Hello everyone, thank you very much for the invitation from the Heart of Autonomous Driving. I am honored to share our work with you here
Online 3D multi-object tracking (MOT) technology in advanced driver assistance systems (ADAS) It has important application value in autonomous driving (AD). In recent years, as the industry's demand for high-performance three-dimensional perception continues to grow, online 3D MOT algorithms have received increasingly widespread research and attention. For 4D millimeter wave radar (also known as 4D imaging radar) or lidar point cloud data, most of the online 3D MOT algorithms currently used in the ADAS and AD fields adopt the point target tracking (TBD-POT) framework based on the post-detection tracking strategy. However, extended object tracking based on joint detection and tracking strategy (JDT-EOT), as another important MOT framework, has not been fully studied in the ADAS and AD fields. This article for the first time systematically discusses and analyzes the performance of TBD-POT, JDT-EOT, and our proposed TBD-EOT framework in a real online 3D MOT application scenario. In particular, this paper evaluates and compares the performance of the SOTA implementations of the three frameworks on the 4D imaging radar point cloud data of the View-of-Delft (VoD) and TJ4DRadSet data sets. Experimental results show that the traditional TBD-POT framework has the advantages of low computational complexity and high tracking performance, and can still be used as the first choice in 3D MOT tasks; at the same time, the TBD-EOT framework proposed in this article has the ability to surpass TBD-EOT in specific scenarios. The potential of the POT framework. It is worth noting that the JDT-EOT framework, which has recently attracted academic attention, has poor performance in ADAS and AD scenarios. This article analyzes the above experimental results based on a variety of performance evaluation indicators, and provides possible solutions to improve algorithm tracking performance in real application scenarios. For the online 3D MOT algorithm based on 4D imaging radar, the above research provides the first performance benchmark test in the ADAS and AD fields, and provides important perspectives and suggestions for the design and application of such algorithms
Online 3D multi-object tracking (MOT) is an important component in advanced driver assistance systems (ADAS) and autonomous driving (AD). In recent years, with the development of sensor and signal processing technology, online 3D MOT technology based on various types of sensors such as cameras, lidar and radar has received widespread attention. Among various sensors, radar, as the only low-cost sensor that can work under extreme lighting and severe weather conditions, has been widely used in sensing tasks such as instance segmentation, target detection, and MOT. However, although traditional automotive radar can effectively distinguish targets in range and Doppler velocity, the low angular resolution of radar measurements still limits the performance of target detection and multi-target tracking algorithms. Different from traditional automotive radars, the recently emerged 4D imaging radar based on MIMO technology can measure the distance, speed, azimuth and pitch angle information of the target, thus providing new development possibilities for radar-based 3D MOT.
The design paradigm of 3D MOT algorithm can be divided into two categories: model-based and deep learning-based.
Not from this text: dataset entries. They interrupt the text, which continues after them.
Lemma Req_catl c a b : R a b -> R (c ++ a) (c ++ b).
Proof.
elim=> {a b} [a|a b _ IH|a b d _ IH1 _ IH2|a b x s|a b x y exy].
- exact: Req_refl.
- exact: Req_sym.
- exact: Req_trans IH1 IH2.
- by rewrite !catA; apply: Req_free.
- by rewrite !catA; apply: Req_comm.
Qed.

Lemma Req_catr c a b : R a b -> R (a ++ c) (b ++ c).
Proof.
elim=> {a b} [a|a b _ IH|a b d _ IH1 _ IH2|a b x s|a b x y exy].
- exact: Req_refl.
- exact: Req_sym.
- exact: Req_trans IH1 IH2.
- by rewrite -!catA; apply: Req_free.
- by rewrite -!catA; apply: Req_comm.
Qed.

Lemma Req_cancel x s b : R [:: (x, s), (x, ~~ s) & b] b.
Proof. exact: (Req_free e [::] b x s). Qed.

Lemma winv_cons p a : winv (p :: a) = winv a ++ [:: (p.1, ~~ p.2)].
Proof. by rewrite /winv /= rev_cons -cats1. Qed.

Lemma winvK : involutive (@winv V).
Proof.
move=> a; rewrite /winv map_rev revK -map_comp map_id_in // => -[x s] _ /=.
by rewrite negbK.
Qed.

Lemma winv_nseq m (p : V * bool) : winv (nseq m p) = nseq m (p.1, ~~ p.2).
Proof. by rewrite /winv map_nseq rev_nseq. Qed.

Lemma Req_nseq_conj x m :
  R (nseq m (x, true) ++ (x, false) :: nseq m (x, false)) [:: (x, false)].
Proof.
elim: m => [|m IH]; first exact: Req_refl.
rewrite [nseq m.+1 (x, false)]nseqSr /= -[(x, false) :: _ ++ _]cat_cons catA.
apply: Req_trans (Req_catl [:: (x, true)] (Req_catr [:: (x, false)] IH)) _.
exact: Req_cancel.
Qed.

Lemma Req_cat_winv a : R (a ++ winv a) [::].
Proof.
elim: a => [|[x s] a IH]; first exact: Req_refl.
rewrite winv_cons /= catA.
apply: Req_trans (Req_catl [:: (x, s)] (Req_catr _ IH)) _.
exact: Req_cancel.
Qed.

Lemma Req_winv_cat a : R (winv a ++ a) [::].
Proof. by have := Req_cat_winv (winv a); rewrite winvK. Qed.

Lemma subst_cat phi a b : subst phi (a ++ b) = subst phi a ++ subst phi b.
Proof. by rewrite /subst map_cat flatten_cat. Qed.

Lemma subst_seq1 phi (p : V * bool) :
  subst phi [:: p] = if p.2 then winv (phi p.1) else phi p.1.
Proof. by rewrite /subst /= cats0. Qed.

Lemma subst_cons phi p a : subst phi (p :: a) = subst phi [:: p] ++ subst phi a.
Proof. by rewrite -cat1s subst_cat. Qed.

Lemma eq_subst phi psi : phi =1 psi -> subst phi =1 subst psi.
Proof. by move=> eq_phi a; congr flatten; apply: eq_map => -[x []] /=; rewrite eq_phi. Qed.

Lemma subst_nseq_fixed phi x s m :
  phi x = [:: (x, false)] -> subst phi (nseq m (x, s)) = nseq m (x, s).
Proof.
move=> phix; elim: m => [|m IH] //=.
by rewrite subst_cons IH subst_seq1 /= phix; case: (s).
Qed.

Lemma Req_subst phi a b : is_endo e phi -> R a b -> R (subst phi a) (subst phi b).
Proof.
move=> endo_phi.
elim=> {a b} [a|a b _ IH|a b d _ IH1 _ IH2|a b x s|a b x y exy].
- exact: Req_refl.
- exact: Req_sym.
- exact: Req_trans IH1 IH2.
- rewrite !subst_cat; apply: Req_catl; rewrite /subst /= catA.
  apply: Req_trans (Req_catr _ (_ : R _ [::])) (Req_refl _ _).
  by case: s; [apply: Req_winv_cat | apply: Req_cat_winv].
- rewrite !subst_cat; apply: Req_catl; rewrite /subst /= !catA.
  exact/Req_catr/endo_phi.
Qed.

Lemma is_endo_idm : is_endo e (@idm V).
Proof. by move=> x y exy; apply: (Req_comm [::] [::] exy). Qed.

Lemma is_endo_acomp phi psi :
  is_endo e phi -> is_endo e psi -> is_endo e (acomp phi psi).
Proof.
move=> endo_phi endo_psi x y exy.
by rewrite /acomp -!subst_cat; apply/Req_subst/endo_psi.
Qed.

Lemma is_endo_apow phi m : is_endo e phi -> is_endo e (apow phi m).
Proof.
by move=> endo_phi; elim: m => [|m IH]; [apply: is_endo_idm | apply: is_endo_acomp].
Qed.

Lemma apowS phi m x : apow phi m.+1 x = subst phi (apow phi m x).
Proof. by []. Qed.

Lemma apow1 phi : apow phi 1 =1 phi.
Proof. by move=> x; rewrite apowS subst_seq1. Qed.

Lemma apow_fixed phi m x : phi x = [:: (x, false)] -> apow phi m x = [:: (x, false)].
Proof. by move=> phix; elim: m => [|m IH] //; rewrite apowS IH subst_seq1. Qed.

Lemma acomp_idm phi : acomp phi (@idm V) =1 phi.
Proof. exact: apow1. Qed.

Lemma inverse_pair_negb (f : bool -> V -> word V) :
  (forall s, is_endo e (f s)) -> (forall s, aeq e (acomp (f s) (f (~~ s))) (@idm V)) ->
  forall s, inverse_pair e (f s) (f (~~ s)).
Proof. by move=> endo_f inv_f s; split; rewrite // -{2}[s]negbK. Qed.

Section Simplicial.
Hypothesis simple_e : simplicial e.

Lemma Req_swap x y s t : e x y -> R [:: (x, s); (y, t)] [:: (y, t); (x, s)].
Proof.
have [sym_e _] := simple_e.
(* Req_comm only swaps positive letters: u^-1 z = u^-1 (z u) u^-1 = u^-1 (u z) u^-1 = z u^-1. *)
have swap_inv u z : e u z -> R [:: (u, true); (z, false)] [:: (z, false); (u, true)].
  move=> euz.
  apply: Req_trans (Req_sym (Req_free e [:: (u, true); (z, false)] [::] u false)) _.
  apply: Req_trans (Req_sym (Req_comm [:: (u, true)] [:: (u, true)] euz)) _.
  exact: Req_cancel.
move=> exy; case: s; case: t.
- apply: Req_trans (Req_sym (Req_cancel y true _)) _.
  have := Req_catl [:: (y, true)] (Req_catr [:: (y, true)] (Req_sym (swap_inv _ _ exy))).
  move/Req_trans; apply.
  exact: (Req_free e [:: (y, true); (x, true)] [::] y false).
- exact: swap_inv.
- by apply/Req_sym/swap_inv; rewrite sym_e.
- exact: (Req_comm [::] [::] exy).
Qed.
The model-based design paradigm uses carefully designed multi-objective dynamic models and measurement models, and is suitable for developing efficient and reliable 3D MOT methods. Among the typical model-based MOT frameworks, the point target tracking framework using detection-post-tracking strategy has been widely accepted by academia and industry. The point target tracking framework assumes that each target generates only one measurement point in one sensor scan. However, for lidar and 4D imaging radar, a target often generates multiple measurement points in one scan. Therefore, before performing target tracking, multiple measurements from the same target first need to be processed into a detection result, such as a target detection frame, through a target detector. The effectiveness of the post-detection tracking framework has been verified in many 3D MOT tasks based on real lidar point cloud data
Extended target tracking (EOT) using the joint detection and tracking (JDT) strategy as another The model-based MOT framework has recently received widespread attention in academia. Unlike POT, EOT assumes that a target can produce multiple measurements in one sensor scan, so no additional target detection module is required when implementing JDT. Relevant studies have pointed out that JDT-EOT can achieve good performance when tracking single targets on real lidar point clouds and automotive radar detection point data. However, for online 3D MOT tasks in complex ADAS and AD scenarios, there are few studies that use real data to evaluate EOT, and these studies do not evaluate the MOT performance of the EOT framework for different types of targets in detail on ADAS/AD data sets. , and there is no systematic analysis of experimental results using widely accepted performance indicators. The research in this article attempts to answer this open question for the first time through comprehensive evaluation and analysis: whether the EOT framework can be applied in complex ADAS and AD scenarios and achieve tracking performance and computing efficiency superior to the traditional TBD-POT framework. The main contributions of this article mainly include:
This section introduces three algorithm frameworks for online 3D MOT on 4D imaging radar point cloud data, including TBD-POT, JDT-EOT and TBD- EOT, as shown in the figure below:
Rewritten content: A. Framework 1: Point target tracking using post-detection tracking strategy (to be determined - point target Tracking)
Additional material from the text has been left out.